To find \(f'(x)\) from first principles for any function \(f(x)\):

Write \(f(x+h)\) by replacing every \(x\) in \(f(x)\) with \((x+h)\)

Form the difference quotient: \(\frac{f(x+h) – f(x)}{h}\)

Simplify the expression algebraically (cancel \(h\) if possible)

Take the limit as \(h \to 0\): \(f'(x) = \lim_{h \to 0} \frac{f(x+h) – f(x)}{h}\)

📝 Example 2: Derivative of \(f(x) = x^2\) from First Principles

Prove that if \(f(x) = x^2\), then \(f'(x) = 2x\) using first principles.

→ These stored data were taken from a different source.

Lemma iterate_cluster (kk : nat -> nat) : exists2 c, dom c & cluster_point (x \o kk) c.
Proof.
have sublevel j : (F ((x \o kk) j) <= (C 0)%:E)%E by rewrite /= iterate_F lee_fin C_le0.
have [c Fc c_cluster] := sublevel_cluster_point A1vi_lsc A1vi_lb sublevel.
exists c => //; apply: contrapT => /notdom_F Fc_oo.
by move: Fc; rewrite Fc_oo leNgt ltey.
Qed.

Lemma g_lipschitz_grad : locally_lipschitz_grad dom g grad_g.
Proof. by move=> c /A1ii []. Qed.

Lemma h_lipschitz_grad : locally_lipschitz_grad dom h grad_h.
Proof. by move=> c _; exists 1 => //; exists L => y z _ _; split. Qed.

Lemma N_lipschitz : locally_lipschitz_on dom N.
Proof.
apply: locally_lipschitz_onD; first exact: A1i.
exact: locally_lipschitz_on_grad h_lipschitz_grad.
Qed.

Lemma g_iterate_bounded : exists2 G, 0 < G & forall k, g (x k) <= G.
Proof.
have [G gG] := locally_lipschitz_bounded iterate_dom iterate_cluster
  (locally_lipschitz_on_grad g_lipschitz_grad).
have g_le k : g (x k) <= G by apply: le_trans (gG k); exact: ler_norm.
by exists G => //; apply: lt_le_trans (g_le 0%N); apply: dom_g_gt0.
Qed.

Lemma sufficient_decrease : exists2 a' : R, 0 < a' & forall k : nat,
  (F (x k.+1) + (a' / 2 * norm2 (x k.+1 - x k) ^+ 2)%:E <= F (x k))%E.
Proof.
have [G G0 gG] := g_iterate_bounded.
exists (a / G) => [|k]; first by rewrite divr_gt0 ?a_gt0.
rewrite !iterate_F -EFinD lee_fin; apply: le_trans (C_descent k); rewrite lerD2l.
have gy := dom_g_gt0 (iterate_dom k.+1).
set Q := norm2 (x k.+1 - x k) ^+ 2.
have -> : a / G / 2 * Q = a / 2 * Q / G by field; rewrite lt0r_neq0.
apply: ler_wpM2l; first by rewrite mulr_ge0 ?divr_ge0 ?sqr_ge0 ?(ltW a_gt0).
by rewrite lef_pV2 ?posrE.
Qed.
(* Let $u$ be a smooth solution of the equivariant Skyrme equation in $\Omega$ with $u(t,0)=0$. Then $u$ is continuous at $(0,0)$, i.e. $\lim_{(t,r)\in\Omega,\,(t,r)\to(0,0)}u(t,r)=0$, and there exist $t_*\in(0,T_0]$ and a constant $C$ depending only on $E(T_0)$ such that \[ |u(t,r)|\le C\,r^{1/2}\quad\text{for all }(t,r)\in\Omega\text{ with }t\le t_*. \]
   Context: Fix $\alpha>0$, $T_0>0$. The equivariant Skyrme equation is \[ w(u_{tt}-u_{rr}) - \Big(1-\tfrac{\alpha^2\sin^2u}{r^2}\Big)\tfrac{u_r}{r} + \tfrac{\sin 2u}{2r^2}\big[\alpha^2(u_t^2-u_r^2)+1\big]=0,\qquad w:=1+\tfrac{\alpha^2\sin^2u}{r^2}. \] $\Omega=\{(t,r):0<t\le T_0,\ 0\le r\le t\}$; a smooth solution in $\Omega$ is a smooth function on $\Omega$ satisfying the equation for $r>0$. Energy density $e:=w\frac{u_t^2+u_r^2}{2}+\frac{\sin^2u}{2r^2}$; energy $E(T):=\int_0^T e(T,r)\,r\,dr$. *)

From Stdlib Require Import Reals Lra ClassicalEpsilon.
Open Scope R_scope.

Definition Omega (T0 t r : R) : Prop := 0 < t <= T0 /\ 0 <= r <= t.

Definition open2 (U : R -> R -> Prop) : Prop :=
  forall t r, U t r -> exists d, 0 < d /\
    forall t' r', Rabs (t' - t) < d -> Rabs (r' - r) < d -> U t' r'.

Write \(f(x+h)\): \(f(x+h) = (x+h)^2 = x^2 + 2xh + h^2\)

Form difference quotient: \(\frac{f(x+h)-f(x)}{h} = \frac{(x^2+2xh+h^2) – x^2}{h} = \frac{2xh + h^2}{h}\)

Simplify: \(= \frac{h(2x + h)}{h} = 2x + h\) (provided \(h \neq 0\))

Take limit: \(f'(x) = \lim_{h \to 0} (2x + h) = 2x\)

Conclusion: \(\frac{d}{dx}(x^2) = 2x\)

📝 Example 3: Derivative of \(f(x) = 3x + 2\) from First Principles

Find the derivative of \(f(x) = 3x + 2\) using first principles.

Write \(f(x+h)\): \(f(x+h) = 3(x+h) + 2 = 3x + 3h + 2\)

Form difference quotient: \(\frac{f(x+h)-f(x)}{h} = \frac{(3x+3h+2) – (3x+2)}{h} = \frac{3h}{h}\)

Simplify: \(= 3\) (provided \(h \neq 0\))

Take limit: \(f'(x) = \lim_{h \to 0} 3 = 3\)

Interpretation: The derivative of a linear function \(mx + c\) is \(m\), the slope of the line.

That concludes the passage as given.